Анархия в Сибири [сборник статей] | страница 27
Результатом этой поездки стала книга «Сахалин», которую нередко сравнивают с «Записками из мертвого дома» Федора Достоевского и книгой Чехова, а автор завоевал репутацию защитника униженных и оскорбленных. После публикации первых очерков бывший сахалинский начальник А. Фельдман подал на Дорошевича в суд, обвиняя его в клевете. Журналист рассказал о зверствах этого тюремщика, которые были свежи в памяти каторжников. Суд длился четыре года, и Дорошевич был оправдан. Единственное, чего добился истец — прекращения публикации в «Одесском листке», издатель которого оказался трусом.

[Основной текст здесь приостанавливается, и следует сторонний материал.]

Theorem char_poly_equitable (m : 'I_r -> nat) (nonrep : forall i, 'I_(m i) -> 'I_N) :
  (forall i, injective (nonrep i)) ->
  (forall i x, (x \in codom (nonrep i)) = ~~ is_rep x && (blk x == i)) ->
  char_poly K = char_poly B *
    \prod_i char_poly (\matrix_(k, l)
                        (K (nonrep i k) (nonrep i l) - K (rep i) (nonrep i l))).
Proof.
move=> nonrep_inj nonrepE.
rewrite -(char_poly_conj K rep_shift_unipotent) -/reduced /char_poly.
pose size_of c := if c is Some i then m i else r.
pose block c : 'I_(size_of c) -> 'I_N :=
  if c is Some i then nonrep i else rep.
rewrite (@det_block_trig _ _ (None :: map Some (index_enum 'I_r)) _ _ block_label
          size_of block); first last.
- move=> x y lt_yx.
  have yx : block_label y != block_label x by apply: contraTneq lt_yx => ->; rewrite ltnn.
  have x_nrep : ~~ is_rep x by move: lt_yx; rewrite /block_label; case: (is_rep x).
  have xy : x != y by apply: contraNneq yx => ->.
  by rewrite char_poly_mxE reduced_trig // (negbTE xy) mulr0n subr0.
- case=> [i|] x /=; first by rewrite nonrepE /block_label; case: (is_rep x).
  apply/codomP/idP => [[j ->]|]; first by rewrite /block_label is_rep_rep.
  by rewrite /block_label; case: ifP => // x_rep _; exists (blk x); apply/eqP.
- by case=> [i|]; [apply: nonrep_inj | apply: rep_inj].
- move=> x; rewrite /block_label; case: (is_rep x); first exact: mem_head.
  by rewrite inE map_f ?mem_index_enum ?orbT.
- rewrite /= map_inj_uniq ?index_enum_uniq ?andbT; last by move=> a b [].
  by apply/mapP => -[].
have nonrepP i k : ~~ is_rep (nonrep i k) && (blk (nonrep i k) == i).
  by rewrite -nonrepE codom_f.
rewrite big_cons big_map /= char_poly_mx_sub //; congr (_ * _).
  by congr (\det (char_poly_mx _)); apply/matrixP => i j; rewrite mxE reduced_rep.
apply: eq_bigr => i _; rewrite char_poly_mx_sub //; congr (\det (char_poly_mx _)).
apply/matrixP => k l; have /andP [k_nrep /eqP blk_k] := nonrepP i k.
by rewrite mxE [RHS]mxE reduced_nonrep ?blk_k //; case/andP: (nonrepP i l).
Qed.
End EquitablePartition.

Section ConstantRowSums.
Variable R : comNzRingType.

Lemma char_poly_const_row_sum N (A : 'M[R]_N) (a : R) (v : 'I_N) m (h : 'I_m -> 'I_N) :
  (forall x, \sum_y A x y = a) -> injective h -> (forall x, (x \in codom h) = (x != v)) ->
  char_poly A = ('X - a%:P) * char_poly (\matrix_(k, l) (A (h k) (h l) - A v (h l))).
Proof.
move=> rowA h_inj hE.
rewrite (@char_poly_equitable R N 1 (fun=> ord0) (fun=> v) (fun j => esym (ord1 j))
  A a%:M _ _ (fun=> m) (fun=> h)) //.
- by rewrite big_ord1 /char_poly det_mx11 char_poly_mxE mxE eqxx.
- by move=> x j; rewrite [j]ord1 mxE eqxx mulr1n -(rowA x).
- by move=> i x; rewrite [i]ord1 eqxx andbT hE.
Qed.

Lemma degree_sum (T : finType) (e : rel T) x : (degree e x)%:R = \sum_y (e x y)%:R :> R.
Proof.
rewrite /degree -sum1dep_card natr_sum big_mkcond /=.
by apply: eq_bigr => y _; case: (e x y).
Qed.

Definition adj_deflate m (e : rel 'I_m) (v : 'I_m) : 'M[R]_m.-1 :=
  \matrix_(k, l) ((e (lift v k) (lift v l))%:R - (e v (lift v l))%:R).

Lemma char_poly_adjmx_regular m (e : rel 'I_m) d (v : 'I_m) : regular e d ->
  char_poly (adjmx R e) = ('X - d%:R%:P) * char_poly (adj_deflate e v).
Proof.
move=> e_reg.
rewrite (@char_poly_const_row_sum _ (adjmx R e) d%:R (enum_rank v) _ (enum_rank \o lift v)).
- by congr (_ * char_poly _); apply/matrixP => k l; rewrite !mxE !enum_rankK.
- move=> x; rewrite -(e_reg (enum_val x)) degree_sum [RHS](reindex (@enum_val _ 'I_m)).
    by apply: eq_bigr => y _; rewrite mxE.
  exact/onW_bij/enum_val_bij.
- by move=> k l /enum_rank_inj /lift_inj.
move=> x; rewrite -(enum_valK x) (inj_eq enum_rank_inj).
apply/codomP/idP => [[k /enum_rank_inj ->]|]; first by rewrite eq_sym neq_lift.
by rewrite eq_sym => /unlift_some [k -> _]; exists k.
Qed.
End ConstantRowSums.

Дорошевич уехал в Петербург и стал печатать свою книгу в газете «Россия».
Тюремные «воспитатели»
Смотрителями сахалинских тюрем были в основном ничтожные типы, выслужившиеся из надзирателей и фельдшеров. Они имели над каторжниками бесконтрольную власть и ею, что называется, объедались. В любой момент смотритель имел право назначить до 30 розг или до 10 плетей. Наказания доходили до утонченного издевательства. «Я тебе царь и Бог!» — орет на кандальника ничтожество с нашивками на шинели.
— Что теперь наказания! — говорили смотрители. — Прежде, бывало, выпорют арестанта, и он должен идти смотрителя благодарить: «Благодарю, ваше благородие, за то, что поучили меня, дурака!» Теперь уж этого нет. Распущена каторга! Все гуманности пошли.

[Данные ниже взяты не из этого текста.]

(* Two distinct vertices of equal height cannot be joined by a path lying
   strictly above them: with their ancestor chains it would close a cycle. *)
Lemma no_bypass x y p : x != y -> h x = h y -> uniq p ->
  all (fun z => h x < h z) p -> ~~ path e y (rcons p x).
Proof.
move=> neq_xy hxy uniq_p /allP p_high; apply/negP; rewrite rcons_path => /andP[p_path p_x].
have [[|t] [/andP[//= _ le_th] meet t_min]] := ancestors_meet neq_xy hxy.
have meet_t : iter t.+1 parent x = iter t.+1 parent y := meet.
set c := traject parent x t.+2 ++ rev (traject parent y t.+1) ++ p.
have chain_low m v z : z \in traject parent v m -> h z <= h v.
  by case/trajectP => i _ ->; rewrite height_iter_parent leq_subr.
have p_off (s : seq V) : (forall z, z \in s -> h z <= h x) -> ~~ has (fun z => z \in s) p.
  move=> s_low; apply/hasPn => z /p_high; apply: contraTN => /s_low; lia.
have c_cycle : cycle e c.
  have last_ty z : last z (rev (traject parent y t.+1)) = y.
    by rewrite trajectS rev_cons last_rcons.
  have x_chain : path e (last y p) (traject parent x t.+2).
    by rewrite trajectS; apply/andP; split; last exact: (path_parent le_th).
  rewrite (cycle_path x) /c !last_cat last_ty cat_path x_chain trajectS last_cons.
  by rewrite last_traject meet_t cat_path path_parent_rev -?hxy // last_ty p_path.
have c_uniq : uniq c.
  rewrite 2!cat_uniq has_cat has_rev rev_uniq uniq_p !uniq_traject_parent; try lia.
  rewrite !(negbTE (p_off _ _)) ?orbF ?andbT ?andTb => [|z|z]; last 2 first.
  - by rewrite mem_rev hxy => /chain_low.
  - exact: chain_low.
  apply/hasPn => z /trajectP[j lt_jt ->].
  apply/trajectP => -[i lt_it /[dup] /(congr1 h)]; rewrite !height_iter_parent hxy => hij.
  have -> : i = j by lia.
  by apply/eqP; rewrite eq_sym t_min.
have c_size : 3 <= size c by rewrite !size_cat size_rev !size_traject; lia.
by move: (e_acyc c_uniq c_size); rewrite c_cycle.
Qed.

Lemma height_edge x y : e x y -> h y = (h x).+1 \/ h x = (h y).+1.
Proof.
move=> exy; have eyx : e y x by rewrite e_sym.
have neq_h : h x != h y.
  apply/eqP => hxy; have neq_xy : x != y by apply: contraTneq exy => ->; rewrite e_irr.
  by move: (no_bypass neq_xy hxy (isT : uniq [::]) isT); rewrite /= eyx.
have := height_edge_le exy; have := height_edge_le eyx; lia.
Qed.

Lemma lower_neighbor_unique a b c : e a c -> e b c ->
  (h a).+1 = h c -> (h b).+1 = h c -> a = b.
Proof.
move=> eac ebc hac hbc; apply/eqP; apply: contraT => neq_ab.
have hab : h a = h b by apply: succn_inj; rewrite hac hbc.
have := no_bypass neq_ab hab (isT : uniq [:: c]).
by rewrite /= -hac ltnSn ebc e_sym eac => /(_ isT).
Qed.

Lemma odd_height_edge x y : e x y -> odd (h y) = ~~ odd (h x).
Proof. by case/height_edge => ->; rewrite /= ?negbK. Qed.

Lemma exists_child u : 1 < deg e u -> exists2 w, e u w & h w = (h u).+1.
Proof.
case/card_gt1P => a [b []]; rewrite !inE => eua eub neq_ab.
case: (height_edge eua) => [|hua]; first by exists a.
case: (height_edge eub) => [|hub]; first by exists b.
by move: neq_ab; rewrite (lower_neighbor_unique _ _ (esym hua) (esym hub)) ?eqxx // e_sym.
Qed.
End RootedTree.

Lemma odd_height_reroot (V : finType) (e : rel V) (r s y : V) :
  symmetric e -> irreflexive e -> connected_graph e -> acyclic e ->
  odd (height e s y) = odd (height e s r) (+) odd (height e r y).
Proof.
move=> e_sym e_irr e_conn e_acyc; have [n] := ubnP (height e r y).
elim: n y => [//|n IH] y; rewrite ltnS => le_yn.
have [hy0|hy_gt0] := posnP (height e r y).
  by rewrite hy0 (height_eq0 e_conn hy0) addbF.
have ep := parent_edge e_conn hy_gt0.
rewrite (odd_height_edge s e_sym e_irr e_conn e_acyc ep) IH; last first.
  by rewrite height_parent // prednK.
by rewrite (odd_height_edge r e_sym e_irr e_conn e_acyc ep) addbN.
Qed.

Section Matchings.
Variables (V : finType) (e : rel V).
Implicit Types (M N : {set {set V}}) (s : {set V}).

Lemma saturates_setU1 M s v : saturates (s |: M) v = (v \in s) || saturates M v.
Proof.
apply/existsP/orP => [[t /andP[]]|[v_s|/existsP[t /andP[tM vt]]]].
- rewrite in_setU1 => /orP[/eqP -> ->|tM vt]; first by left.
  by right; apply/existsP; exists t; rewrite tM.
- by exists s; rewrite setU11.
- by exists t; rewrite in_setU1 tM orbT.
Qed.

Lemma saturates_setD1 M s v : is_matching e M -> s \in M ->
  saturates (M :\ s) v = saturates M v && (v \notin s).
Proof.
case/andP=> _ /forall_inP M_disj sM; apply/existsP/andP.
- case=> t /andP[]; rewrite in_setD1 => /andP[neq_ts tM] vt; split.
    by apply/existsP; exists t; rewrite tM.
  by have := forall_inP (M_disj t tM) s sM; rewrite neq_ts => /disjointFr->.
- case=> /existsP[t /andP[tM vt]] v_s; exists t; rewrite in_setD1 tM vt !andbT.
  by apply: contraNneq v_s => <-.
Qed.

Lemma matching_subset M N : N \subset M -> is_matching e M -> is_matching e N.
Proof.
move=> /subsetP sNM /andP[/forall_inP M_edge /forall_inP M_disj].
apply/andP; split; apply/forall_inP => s /sNM sM; first exact: M_edge.
by apply/forall_inP => t /sNM tM; apply: (forall_inP (M_disj s sM)).
Qed.

Lemma matching_setU1 M a b : is_matching e M -> e a b ->
  ~~ saturates M a -> ~~ saturates M b -> is_matching e ([set a; b] |: M).
Proof.
case/andP=> /forall_inP M_edge /forall_inP M_disj eab a_free b_free.
have ab_disj t : t \in M -> [disjoint t & [set a; b]].
  move=> tM; apply/pred0P => v /=; rewrite !inE; apply/negP => /andP[vt /orP[] /eqP v_ab].
    by move/existsP: a_free; apply; exists t; rewrite tM -v_ab.
  by move/existsP: b_free; apply; exists t; rewrite tM -v_ab.
apply/andP; split; apply/forall_inP => s; rewrite in_setU1 => /orP[/eqP->|sM].
- by apply/existsP; exists a; apply/existsP; exists b; rewrite eab eqxx.
- exact: M_edge.
- apply/forall_inP => t; rewrite in_setU1 => /orP[/eqP->|tM]; first by rewrite eqxx.
  by rewrite disjoint_sym ab_disj ?implybT.
- apply/forall_inP => t; rewrite in_setU1 => /orP[/eqP->|tM].
    by rewrite ab_disj ?implybT.
  exact: (forall_inP (M_disj s sM)).
Qed.

Lemma matched_partner M w : symmetric e -> is_matching e M -> saturates M w ->
  exists2 u, e w u & [set w; u] \in M.
Proof.
move=> e_sym /andP[/forall_inP M_edge _] /existsP[s /andP[sM ws]].
have /existsP[x /existsP[y /andP[exy /eqP s_xy]]] := M_edge s sM.
move: ws; rewrite s_xy !inE => /orP[] /eqP->; first by exists y; rewrite -?s_xy.
by exists x; rewrite 1?e_sym // setUC -s_xy.
Qed.
End Matchings.

Section FreeVertex.
Variables (V : finType) (e : rel V) (r : V).
Hypotheses (e_sym : symmetric e) (e_irr : irreflexive e).
Hypotheses (e_conn : connected_graph e) (e_acyc : acyclic e).
Hypothesis deg_odd : forall u, odd (height e r u) -> 1 < deg e u.

Local Notation h := (height e r).
Let edge_height := height_edge r e_sym e_irr e_conn e_acyc.
Implicit Types (M N : {set {set V}}).

(* The last clause keeps the edge [u; w] added by [frees_step] disjoint from [N]. *)
Definition frees M x N := [/\ is_matching e N, ~~ saturates N x,
  forall v, v != x -> saturates M v -> saturates N v &
  forall v, saturates N v -> saturates M v || (h x < h v)].

Lemma frees_refl M x : is_matching e M -> ~~ saturates M x -> frees M x M.
Proof. by move=> Mm x_free; split=> // v ->. Qed.

Lemma frees_step M N x u w : is_matching e M -> [set x; u] \in M -> e u w ->
  h u = (h x).+1 -> h w = (h u).+1 ->
  frees (M :\ [set x; u]) w N -> frees M x ([set u; w] |: N).
Proof.
move=> Mm xuM euw hu hw [Nm w_free N_keep N_new].
have M1E v := saturates_setD1 v Mm xuM.
have u_free : ~~ saturates N u.
  by apply/negP => /N_new; rewrite M1E !inE eqxx orbT andbF /=; lia.
have u_sat : saturates M u by apply/existsP; exists [set x; u]; rewrite xuM !inE eqxx orbT.
have [neq_xu neq_xw] : x != u /\ x != w.
  by split; apply/eqP => eq_x; move: hu hw; rewrite eq_x; lia.
split.
- exact: matching_setU1.
- rewrite saturates_setU1 !inE !negb_or neq_xu neq_xw /=; apply/negP => /N_new.
  by rewrite M1E !inE eqxx andbF /=; lia.
- move=> v neq_vx v_sat; rewrite saturates_setU1 !inE.
  have [->|neq_vu] := eqVneq v u; first by [].
  have [->|neq_vw] := eqVneq v w; first by rewrite orbT.
  by rewrite N_keep // M1E v_sat !inE negb_or neq_vx neq_vu.
- move=> v; rewrite saturates_setU1 !inE => /orP[/orP[] /eqP->|/N_new]; try lia.
  by rewrite M1E => /orP[/andP[-> _]|]; rewrite ?orbT //; lia.
Qed.

Lemma free_vertex n x M : #|V| < h x + n -> ~~ odd (h x) -> is_matching e M ->
  (forall u, e x u -> [set x; u] \in M -> h x < h u) -> exists N, frees M x N.
Proof.
elim: n x M => [|n IH] x M; first by rewrite addn0 ltnNge height_le_card.
move=> x_low x_even Mm x_down.
have [x_sat|x_free] := boolP (saturates M x); last by exists M; apply: frees_refl.
have [u exu xuM] := matched_partner e_sym Mm x_sat.
have hu : h u = (h x).+1 by have := x_down u exu xuM; case: (edge_height exu); lia.
have [w euw hw] : exists2 w, e u w & h w = (h u).+1.
  by apply: exists_child => //; apply: deg_odd; rewrite hu /= x_even.
have M1m : is_matching e (M :\ [set x; u]) by apply: matching_subset Mm; apply: subsetDl.
have [N N_frees] : exists N, frees (M :\ [set x; u]) w N.
  apply: IH => //; first by lia.
    by rewrite hw hu /= negbK.
  move=> u' ewu' wu'M1; case: (edge_height ewu') => [->//|hwu'].
  have eq_u'u : u' = u by apply: lower_neighbor_unique (esym hwu') (esym hw); rewrite // e_sym.
  move: wu'M1; rewrite eq_u'u => wuM1.
  have : saturates (M :\ [set x; u]) u.
    by apply/existsP; exists [set w; u]; rewrite wuM1 !inE eqxx orbT.
  by rewrite (saturates_setD1 _ Mm xuM) !inE eqxx orbT andbF.
by exists ([set u; w] |: N); apply: frees_step N_frees.
Qed.

Lemma free_root M : is_matching e M -> exists N, frees M r N.
Proof.
move=> Mm; apply: (free_vertex (n := #|V|.+1)) => //; rewrite ?height_root // => u eru _.
by rewrite lt0n; apply: contraTneq eru => /height_eq0 ->; rewrite ?e_irr.
Qed.
End FreeVertex.

Theorem claim2p10 (V : finType) (e : rel V) (o : V) (k : nat) :
  1 <= k -> is_tree e -> valid e o k ->
  forall K : {set V}, K \subset even_vertices e o ->
  0 < mcount e o K ->
  forall v0 : V, v0 \in even_vertices e o -> v0 \notin K ->
  mcount e o (v0 |: K) < mcount e o K.
Proof.
move=> k_gt0 [[e_sym e_irr] e_conn e_acyc] [_ odd_deg] K _ mK_gt0 v0 v0_even v0_notK.
have deg_odd u : odd (height e v0 u) -> 1 < deg e u.
  move=> hu; rewrite odd_deg ?ltnS // inE.
  rewrite (odd_height_reroot v0 o u e_sym e_irr e_conn e_acyc).
  by move: v0_even; rewrite inE => /negbTE->.
case/card_gt0P: mK_gt0 => M; rewrite inE => /andP[Mm /forall_inP M_sat].
have [N [Nm v0_free N_keep _]] := free_root e_sym e_irr e_conn e_acyc deg_odd Mm.
apply/proper_card/properP; split.
  have sub_K : K :|: odd_vertices e o \subset (v0 |: K) :|: odd_vertices e o.
    by rewrite setSU // subsetUr.
  apply/subsetP => M'; rewrite !inE => /andP[-> /forall_inP M'_sat].
  by apply/forall_inP => v vK; apply/M'_sat/(subsetP sub_K).
exists N.
  rewrite inE Nm; apply/forall_inP => v vK; apply: N_keep; last exact: M_sat.
  apply: contraTneq vK => ->; rewrite !inE negb_or v0_notK.
  by move: v0_even; rewrite inE.
rewrite inE Nm negb_forall_in; apply/existsP; exists v0.
by rewrite !inE eqxx.
Qed.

Дорошевич красочно описывал смотрителя по прозвищу Железный Нос, который не признавал непоротых арестантов. У него была завидная память. На утренней проверке он высматривал арестанта, который еще не подвергался наказанию, и, если не к чему было придраться, говорил: «Что это ты, братец, стоишь не по форме? Ножку оставил, а? Поди-ка, ложь!» Если арестант начинал артачиться: дескать, за что, ваше благородие? — Железный Нос от этого только во вкус входил: «И-и, голубчик, как нехорошо. Тебе начальник говорит: “ложись!” — а ты не слушаешься. Еще пяток розог прибавим. Ложись, братан! Палач, дай-ка ему, голубушке, горяченьких, взбрыкни как следует!»
Арестантов он называл «братанами», «братиками», «родненькими», «голубчиками», «милыми людьми», и без «Божьего слова» — никуда. Если арестант вопил от боли, Железный Нос успокаивал: «Ничего, потерпи, родненький! Христос терпел и нам велел». Опытные арестанты ложились на скамью, называемую «кобылой», без пререканий, зная, что каждое слово будет только прибавка, а смотритель умилялся: «Душа радуется! Братики меня с одного слова понимают. Живем душа в душу с миленькими!»